Exercise prompt:
The records below hold a stretch from the line with "Lemma decay_const_nonneg : 0 <= K." through the line with "Lemma Cmod_sub_le_atan x"; return exactly those lines, ends included, and nothing more.

════════════════════

Variables (g : R -> C) (dg1 dg2 : R -> R) (K : R).
Hypothesis Hd1 : forall x, is_derive (fun y => fst (g y)) x (dg1 x).
Hypothesis Hd2 : forall x, is_derive (fun y => snd (g y)) x (dg2 x).
Hypothesis Hb1 : forall x, Rabs (dg1 x) <= K * / (1 + x ^ 2).
Hypothesis Hb2 : forall x, Rabs (dg2 x) <= K * / (1 + x ^ 2).

Lemma decay_const_nonneg : 0 <= K.
Proof.
  pose proof (Hb1 0). pose proof (Rabs_pos (dg1 0)). pose proof (inv_1_plus_sqr_pos 0).
  destruct (Rle_or_lt 0 K); auto. nra.
Qed.

Lemma Cmod_sub_le_atan x y : x <= y -> Cmod (Cminus (g y) (g x)) <= 2 * K * (atan y - atan x).
Proof.
  intros Hxy. eapply Rle_trans; [apply Cmod_le_abs_fst_snd|].
  pose proof (abs_sub_le_atan_of_derive _ _ K Hd1 Hb1 x y Hxy).
  pose proof (abs_sub_le_atan_of_derive _ _ K Hd2 Hb2 x y Hxy).
  simpl in *. unfold Rminus in *. lra.
Qed.

Lemma Cmod_sub_le_lipschitz x y : x <= y -> Cmod (Cminus (g y) (g x)) <= 2 * K * (y - x).
Proof.
  intros Hxy. pose proof (Cmod_sub_le_atan x y Hxy). pose proof (atan_sub_le x y Hxy).
  pose proof decay_const_nonneg. nra.
Qed.

(* The sum telescopes against [atan], which increases by less than [PI]. *)
Lemma var_sum_le_atan x l :
  Sorted Rlt (x :: l) -> var_sum g x l <= 2 * K * (PI / 2 - atan x).
Proof.
  revert x. induction l as [|y l IH]; intros x Hs; simpl.
  - pose proof (atan_bound x). pose proof decay_const_nonneg. nra.
  - apply Sorted_inv in Hs as [Hs Hr]. apply HdRel_inv in Hr.
    pose proof (IH y Hs). pose proof (Cmod_sub_le_atan x y (Rlt_le _ _ Hr)). lra.
Qed.

Lemma total_variation_le : exists r, total_variation g = Finite r /\ r <= 2 * K * PI.
Proof.
  apply (Lub_Rbar_finite_le _ 0).
  - exists 0, nil. split; [repeat constructor | reflexivity].
  - intros v [x [l [Hs ->]]]. pose proof (var_sum_le_atan x l Hs).
    pose proof (atan_bound x). pose proof decay_const_nonneg. nra.
Qed.

Lemma total_increment_le l :
  disjoint_chain l -> total_increment g l <= 2 * K * total_length l.
Proof.
  induction l as [|[a b] l IH]; simpl; [lra|].
  intros [Hab [_ Hl]]. pose proof (IH Hl).
  pose proof (Cmod_sub_le_lipschitz a b (Rlt_le _ _ Hab)). lra.
Qed.

Lemma absolutely_continuous_of_decay : absolutely_continuous g.
Proof.
  intros eps Heps. pose proof decay_const_nonneg.
  exists (eps / (2 * K + 1)). split; [apply Rdiv_lt_0_compat; lra|].
  intros l Hl Hlen.
  pose proof (total_increment_le l Hl). pose proof (total_length_nonneg l Hl).
  assert (total_length l * (2 * K + 1) < eps).
  { apply (Rmult_lt_compat_r (2 * K + 1)) in Hlen; [|lra].
    unfold Rdiv in Hlen. rewrite Rmult_assoc, Rinv_l in Hlen; lra. }
  nra.
Qed.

════════════════════

Task output:
Lemma decay_const_nonneg : 0 <= K.
Proof.
  pose proof (Hb1 0). pose proof (Rabs_pos (dg1 0)). pose proof (inv_1_plus_sqr_pos 0).
  destruct (Rle_or_lt 0 K); auto. nra.
Qed.

Lemma Cmod_sub_le_atan x y : x <= y -> Cmod (Cminus (g y) (g x)) <= 2 * K * (atan y - atan x).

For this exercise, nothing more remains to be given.